■ **Saved entries**

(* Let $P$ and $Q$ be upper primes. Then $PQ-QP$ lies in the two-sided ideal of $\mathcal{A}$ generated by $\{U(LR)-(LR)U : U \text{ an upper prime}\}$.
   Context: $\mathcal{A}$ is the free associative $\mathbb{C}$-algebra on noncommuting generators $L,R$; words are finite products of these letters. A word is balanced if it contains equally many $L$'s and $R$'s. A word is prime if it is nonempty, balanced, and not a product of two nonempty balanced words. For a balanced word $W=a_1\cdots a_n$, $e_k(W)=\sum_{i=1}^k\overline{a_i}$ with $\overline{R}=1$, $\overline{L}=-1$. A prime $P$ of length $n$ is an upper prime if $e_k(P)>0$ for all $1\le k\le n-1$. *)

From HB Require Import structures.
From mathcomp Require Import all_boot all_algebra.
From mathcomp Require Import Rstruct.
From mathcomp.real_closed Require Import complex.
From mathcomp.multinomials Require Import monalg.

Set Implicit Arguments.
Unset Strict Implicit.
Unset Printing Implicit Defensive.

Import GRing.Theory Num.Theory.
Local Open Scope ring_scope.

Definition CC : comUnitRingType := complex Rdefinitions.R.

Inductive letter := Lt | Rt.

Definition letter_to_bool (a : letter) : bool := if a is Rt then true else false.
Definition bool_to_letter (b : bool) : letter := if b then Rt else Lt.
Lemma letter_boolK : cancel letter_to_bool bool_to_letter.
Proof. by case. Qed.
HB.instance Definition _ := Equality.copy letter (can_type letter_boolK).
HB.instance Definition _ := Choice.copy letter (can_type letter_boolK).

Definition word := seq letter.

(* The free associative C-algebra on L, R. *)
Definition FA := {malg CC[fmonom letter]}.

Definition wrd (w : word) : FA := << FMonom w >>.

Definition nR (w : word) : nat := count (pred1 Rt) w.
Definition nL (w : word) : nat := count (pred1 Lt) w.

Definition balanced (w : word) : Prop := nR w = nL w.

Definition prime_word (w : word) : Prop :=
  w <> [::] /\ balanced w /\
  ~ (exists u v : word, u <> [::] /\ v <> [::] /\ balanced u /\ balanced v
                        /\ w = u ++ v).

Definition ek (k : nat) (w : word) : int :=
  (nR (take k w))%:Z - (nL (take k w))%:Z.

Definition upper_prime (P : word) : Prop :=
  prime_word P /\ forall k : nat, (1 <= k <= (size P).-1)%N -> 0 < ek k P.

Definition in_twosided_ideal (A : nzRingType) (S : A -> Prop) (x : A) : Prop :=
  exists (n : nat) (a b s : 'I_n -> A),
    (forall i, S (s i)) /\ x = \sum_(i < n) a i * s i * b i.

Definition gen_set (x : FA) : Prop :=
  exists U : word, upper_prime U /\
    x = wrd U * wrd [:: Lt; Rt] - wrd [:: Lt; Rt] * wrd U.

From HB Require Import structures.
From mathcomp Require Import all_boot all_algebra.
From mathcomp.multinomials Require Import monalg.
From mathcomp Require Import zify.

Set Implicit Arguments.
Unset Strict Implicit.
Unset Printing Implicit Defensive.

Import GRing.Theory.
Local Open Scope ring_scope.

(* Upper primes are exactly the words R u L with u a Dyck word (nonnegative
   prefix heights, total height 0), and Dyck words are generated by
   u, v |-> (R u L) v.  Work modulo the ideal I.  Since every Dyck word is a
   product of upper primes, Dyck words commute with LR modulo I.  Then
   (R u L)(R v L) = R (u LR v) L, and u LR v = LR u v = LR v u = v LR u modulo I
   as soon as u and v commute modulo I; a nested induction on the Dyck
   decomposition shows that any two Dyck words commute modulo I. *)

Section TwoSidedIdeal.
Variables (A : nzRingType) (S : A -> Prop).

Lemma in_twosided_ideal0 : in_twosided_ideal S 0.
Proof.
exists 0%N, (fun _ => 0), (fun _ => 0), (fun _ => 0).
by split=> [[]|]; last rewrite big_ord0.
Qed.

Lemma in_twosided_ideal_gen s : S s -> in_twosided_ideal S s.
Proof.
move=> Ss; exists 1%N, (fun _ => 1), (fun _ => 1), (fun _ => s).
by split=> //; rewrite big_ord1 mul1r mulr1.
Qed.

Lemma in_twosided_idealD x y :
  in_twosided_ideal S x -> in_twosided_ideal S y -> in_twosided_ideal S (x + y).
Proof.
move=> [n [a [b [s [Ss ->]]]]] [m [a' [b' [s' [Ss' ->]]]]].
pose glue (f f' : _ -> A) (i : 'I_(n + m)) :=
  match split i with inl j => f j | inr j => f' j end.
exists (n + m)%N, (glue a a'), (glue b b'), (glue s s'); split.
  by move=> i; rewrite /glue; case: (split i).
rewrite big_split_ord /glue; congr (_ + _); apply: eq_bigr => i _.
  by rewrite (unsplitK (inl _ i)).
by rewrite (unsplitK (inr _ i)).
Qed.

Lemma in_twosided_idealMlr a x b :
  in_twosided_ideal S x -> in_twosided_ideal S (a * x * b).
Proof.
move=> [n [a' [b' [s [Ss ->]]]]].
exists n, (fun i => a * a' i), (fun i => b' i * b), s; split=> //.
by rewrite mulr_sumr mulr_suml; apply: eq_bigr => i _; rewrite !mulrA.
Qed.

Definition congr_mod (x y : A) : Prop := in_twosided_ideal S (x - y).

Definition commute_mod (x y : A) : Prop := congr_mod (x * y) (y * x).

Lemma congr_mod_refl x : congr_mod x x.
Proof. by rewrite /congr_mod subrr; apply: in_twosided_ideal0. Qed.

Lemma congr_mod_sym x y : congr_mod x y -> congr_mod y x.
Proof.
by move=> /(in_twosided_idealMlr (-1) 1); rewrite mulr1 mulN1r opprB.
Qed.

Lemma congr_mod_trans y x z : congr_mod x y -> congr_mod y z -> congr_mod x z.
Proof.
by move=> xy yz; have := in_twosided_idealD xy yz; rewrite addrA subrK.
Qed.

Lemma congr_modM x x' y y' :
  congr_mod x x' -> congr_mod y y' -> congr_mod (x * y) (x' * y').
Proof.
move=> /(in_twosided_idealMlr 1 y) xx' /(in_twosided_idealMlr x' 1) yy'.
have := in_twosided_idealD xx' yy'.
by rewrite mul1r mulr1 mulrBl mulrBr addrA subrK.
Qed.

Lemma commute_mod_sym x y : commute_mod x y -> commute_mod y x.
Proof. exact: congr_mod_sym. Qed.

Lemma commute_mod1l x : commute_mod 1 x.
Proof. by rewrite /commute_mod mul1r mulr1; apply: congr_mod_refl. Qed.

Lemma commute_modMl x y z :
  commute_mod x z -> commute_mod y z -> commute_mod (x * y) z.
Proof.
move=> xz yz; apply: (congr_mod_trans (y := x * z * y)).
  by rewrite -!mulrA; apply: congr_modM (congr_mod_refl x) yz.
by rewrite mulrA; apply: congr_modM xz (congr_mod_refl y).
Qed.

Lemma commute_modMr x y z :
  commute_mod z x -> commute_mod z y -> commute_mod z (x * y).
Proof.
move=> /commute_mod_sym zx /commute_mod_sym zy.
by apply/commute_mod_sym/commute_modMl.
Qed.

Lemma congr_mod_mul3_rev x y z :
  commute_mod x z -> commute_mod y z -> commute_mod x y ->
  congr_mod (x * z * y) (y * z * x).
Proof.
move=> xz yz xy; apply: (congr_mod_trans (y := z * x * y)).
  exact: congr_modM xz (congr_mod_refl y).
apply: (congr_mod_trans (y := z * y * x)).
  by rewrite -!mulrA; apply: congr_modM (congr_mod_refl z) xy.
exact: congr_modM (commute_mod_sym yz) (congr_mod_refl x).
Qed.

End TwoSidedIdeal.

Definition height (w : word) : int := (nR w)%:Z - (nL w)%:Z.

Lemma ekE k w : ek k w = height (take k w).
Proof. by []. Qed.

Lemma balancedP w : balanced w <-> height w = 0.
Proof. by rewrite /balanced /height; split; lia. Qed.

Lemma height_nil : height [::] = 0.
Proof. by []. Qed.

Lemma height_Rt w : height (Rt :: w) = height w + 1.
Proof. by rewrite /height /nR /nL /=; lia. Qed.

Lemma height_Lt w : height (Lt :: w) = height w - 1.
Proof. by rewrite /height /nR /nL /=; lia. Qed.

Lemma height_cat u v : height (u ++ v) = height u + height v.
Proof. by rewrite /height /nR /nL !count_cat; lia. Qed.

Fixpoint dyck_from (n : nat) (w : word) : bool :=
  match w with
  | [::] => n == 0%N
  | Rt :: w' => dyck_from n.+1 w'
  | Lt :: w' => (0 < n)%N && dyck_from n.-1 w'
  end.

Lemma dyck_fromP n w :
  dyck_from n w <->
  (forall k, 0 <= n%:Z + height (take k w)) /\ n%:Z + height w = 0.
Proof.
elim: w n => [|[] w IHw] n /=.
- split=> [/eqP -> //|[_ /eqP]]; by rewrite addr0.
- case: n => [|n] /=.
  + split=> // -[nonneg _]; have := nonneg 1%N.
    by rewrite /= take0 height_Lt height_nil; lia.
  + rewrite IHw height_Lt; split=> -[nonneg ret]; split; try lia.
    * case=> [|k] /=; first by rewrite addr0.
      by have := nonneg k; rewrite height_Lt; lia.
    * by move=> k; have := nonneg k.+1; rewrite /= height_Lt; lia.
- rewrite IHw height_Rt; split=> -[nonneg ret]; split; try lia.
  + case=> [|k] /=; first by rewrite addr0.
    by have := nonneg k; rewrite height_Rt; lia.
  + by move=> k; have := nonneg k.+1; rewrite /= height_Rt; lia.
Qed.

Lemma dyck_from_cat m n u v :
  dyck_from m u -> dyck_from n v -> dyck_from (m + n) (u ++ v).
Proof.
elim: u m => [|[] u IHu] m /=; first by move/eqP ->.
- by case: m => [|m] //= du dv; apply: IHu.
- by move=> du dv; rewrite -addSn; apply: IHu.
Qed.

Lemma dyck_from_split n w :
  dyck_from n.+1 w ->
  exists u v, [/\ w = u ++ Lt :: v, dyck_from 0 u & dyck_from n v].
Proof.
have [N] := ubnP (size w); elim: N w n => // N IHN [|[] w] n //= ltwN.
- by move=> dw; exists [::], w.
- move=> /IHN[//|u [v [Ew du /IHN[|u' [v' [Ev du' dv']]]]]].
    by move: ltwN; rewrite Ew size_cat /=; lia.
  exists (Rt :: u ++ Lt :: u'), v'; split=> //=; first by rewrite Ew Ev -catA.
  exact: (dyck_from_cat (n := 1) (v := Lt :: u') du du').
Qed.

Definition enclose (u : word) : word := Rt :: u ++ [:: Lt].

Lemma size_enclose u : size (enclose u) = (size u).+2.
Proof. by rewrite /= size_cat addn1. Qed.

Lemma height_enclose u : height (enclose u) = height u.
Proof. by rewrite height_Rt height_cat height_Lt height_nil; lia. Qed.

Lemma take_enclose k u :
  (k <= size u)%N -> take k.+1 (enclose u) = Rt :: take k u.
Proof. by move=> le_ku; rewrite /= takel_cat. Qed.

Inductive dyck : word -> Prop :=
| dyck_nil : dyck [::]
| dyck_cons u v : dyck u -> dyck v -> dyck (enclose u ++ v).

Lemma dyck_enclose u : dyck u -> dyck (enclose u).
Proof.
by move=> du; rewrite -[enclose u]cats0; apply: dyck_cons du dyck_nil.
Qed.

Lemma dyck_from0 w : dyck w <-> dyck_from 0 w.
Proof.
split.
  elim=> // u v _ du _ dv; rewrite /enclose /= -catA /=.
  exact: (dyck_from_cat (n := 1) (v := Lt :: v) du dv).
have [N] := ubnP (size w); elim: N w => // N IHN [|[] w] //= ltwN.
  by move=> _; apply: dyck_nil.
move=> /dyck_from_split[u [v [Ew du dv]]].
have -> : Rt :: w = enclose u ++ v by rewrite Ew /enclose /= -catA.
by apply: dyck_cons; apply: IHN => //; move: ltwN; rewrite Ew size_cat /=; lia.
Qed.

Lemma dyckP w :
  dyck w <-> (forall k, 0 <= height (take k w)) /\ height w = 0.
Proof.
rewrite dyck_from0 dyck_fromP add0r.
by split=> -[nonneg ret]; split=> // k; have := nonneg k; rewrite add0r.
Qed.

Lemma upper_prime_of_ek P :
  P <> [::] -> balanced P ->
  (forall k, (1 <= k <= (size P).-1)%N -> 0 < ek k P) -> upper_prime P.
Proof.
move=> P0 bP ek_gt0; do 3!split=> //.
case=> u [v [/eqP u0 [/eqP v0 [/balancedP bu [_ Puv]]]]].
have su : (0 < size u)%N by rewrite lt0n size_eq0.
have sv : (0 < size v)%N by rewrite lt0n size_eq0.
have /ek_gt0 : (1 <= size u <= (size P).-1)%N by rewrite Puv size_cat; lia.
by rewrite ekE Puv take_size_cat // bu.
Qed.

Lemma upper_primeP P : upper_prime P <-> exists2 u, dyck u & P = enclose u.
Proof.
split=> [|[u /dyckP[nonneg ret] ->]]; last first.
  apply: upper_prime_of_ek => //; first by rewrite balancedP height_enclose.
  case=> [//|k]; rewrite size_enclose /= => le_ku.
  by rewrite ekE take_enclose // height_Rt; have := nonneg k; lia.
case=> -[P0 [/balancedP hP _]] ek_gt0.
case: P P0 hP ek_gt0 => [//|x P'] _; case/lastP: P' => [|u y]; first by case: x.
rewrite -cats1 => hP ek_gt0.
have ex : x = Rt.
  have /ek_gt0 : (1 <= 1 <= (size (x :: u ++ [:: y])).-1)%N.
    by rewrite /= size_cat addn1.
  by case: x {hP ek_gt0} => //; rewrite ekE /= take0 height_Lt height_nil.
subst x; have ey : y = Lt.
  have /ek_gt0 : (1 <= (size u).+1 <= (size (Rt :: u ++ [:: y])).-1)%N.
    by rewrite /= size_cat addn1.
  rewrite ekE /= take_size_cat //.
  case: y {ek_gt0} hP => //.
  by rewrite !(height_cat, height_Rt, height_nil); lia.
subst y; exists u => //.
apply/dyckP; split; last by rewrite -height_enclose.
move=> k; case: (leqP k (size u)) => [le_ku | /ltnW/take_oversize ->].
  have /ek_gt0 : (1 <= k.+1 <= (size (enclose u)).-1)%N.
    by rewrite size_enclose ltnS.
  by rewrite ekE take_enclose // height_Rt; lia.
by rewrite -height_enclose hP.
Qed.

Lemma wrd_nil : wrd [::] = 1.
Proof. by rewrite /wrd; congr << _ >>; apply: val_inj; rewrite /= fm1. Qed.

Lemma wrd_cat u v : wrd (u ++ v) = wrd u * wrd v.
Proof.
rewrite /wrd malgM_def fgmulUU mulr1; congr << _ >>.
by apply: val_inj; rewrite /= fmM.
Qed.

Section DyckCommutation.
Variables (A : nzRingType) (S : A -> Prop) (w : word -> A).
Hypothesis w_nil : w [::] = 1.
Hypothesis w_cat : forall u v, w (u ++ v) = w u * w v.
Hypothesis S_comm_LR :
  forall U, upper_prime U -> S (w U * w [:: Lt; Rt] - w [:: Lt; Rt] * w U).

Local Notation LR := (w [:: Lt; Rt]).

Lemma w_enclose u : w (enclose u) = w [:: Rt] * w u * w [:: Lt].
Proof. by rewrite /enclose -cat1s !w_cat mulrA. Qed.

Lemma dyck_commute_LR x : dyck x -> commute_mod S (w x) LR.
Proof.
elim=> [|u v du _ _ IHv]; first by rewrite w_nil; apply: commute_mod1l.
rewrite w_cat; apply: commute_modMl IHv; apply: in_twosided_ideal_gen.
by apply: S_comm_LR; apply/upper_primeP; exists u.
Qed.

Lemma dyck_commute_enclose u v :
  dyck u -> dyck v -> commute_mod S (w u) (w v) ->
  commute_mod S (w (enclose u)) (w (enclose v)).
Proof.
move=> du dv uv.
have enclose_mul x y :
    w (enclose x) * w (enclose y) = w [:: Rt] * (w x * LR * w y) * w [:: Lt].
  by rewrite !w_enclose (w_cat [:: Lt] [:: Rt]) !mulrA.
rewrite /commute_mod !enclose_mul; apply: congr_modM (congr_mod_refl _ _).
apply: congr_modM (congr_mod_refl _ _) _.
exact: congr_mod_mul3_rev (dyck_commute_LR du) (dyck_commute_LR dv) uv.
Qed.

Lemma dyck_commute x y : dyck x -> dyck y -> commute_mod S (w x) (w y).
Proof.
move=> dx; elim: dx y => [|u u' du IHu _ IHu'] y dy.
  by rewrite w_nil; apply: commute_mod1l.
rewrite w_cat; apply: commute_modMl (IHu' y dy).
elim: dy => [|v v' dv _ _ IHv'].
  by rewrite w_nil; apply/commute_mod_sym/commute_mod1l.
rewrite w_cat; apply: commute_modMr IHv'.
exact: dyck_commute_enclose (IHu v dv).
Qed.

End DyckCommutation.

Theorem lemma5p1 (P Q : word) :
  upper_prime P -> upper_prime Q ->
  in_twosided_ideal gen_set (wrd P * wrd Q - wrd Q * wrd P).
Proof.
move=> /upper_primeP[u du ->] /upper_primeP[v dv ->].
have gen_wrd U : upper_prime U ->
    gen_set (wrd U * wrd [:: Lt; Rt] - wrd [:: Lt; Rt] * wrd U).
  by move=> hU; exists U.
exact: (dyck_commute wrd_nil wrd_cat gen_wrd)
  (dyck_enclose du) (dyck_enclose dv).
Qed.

■ **INSTRUCTIONS TO FOLLOW**
Within the entries above, some lines may contain "ubnP". Report how many, and nothing else.

■ **EXERCISE RESULT**
2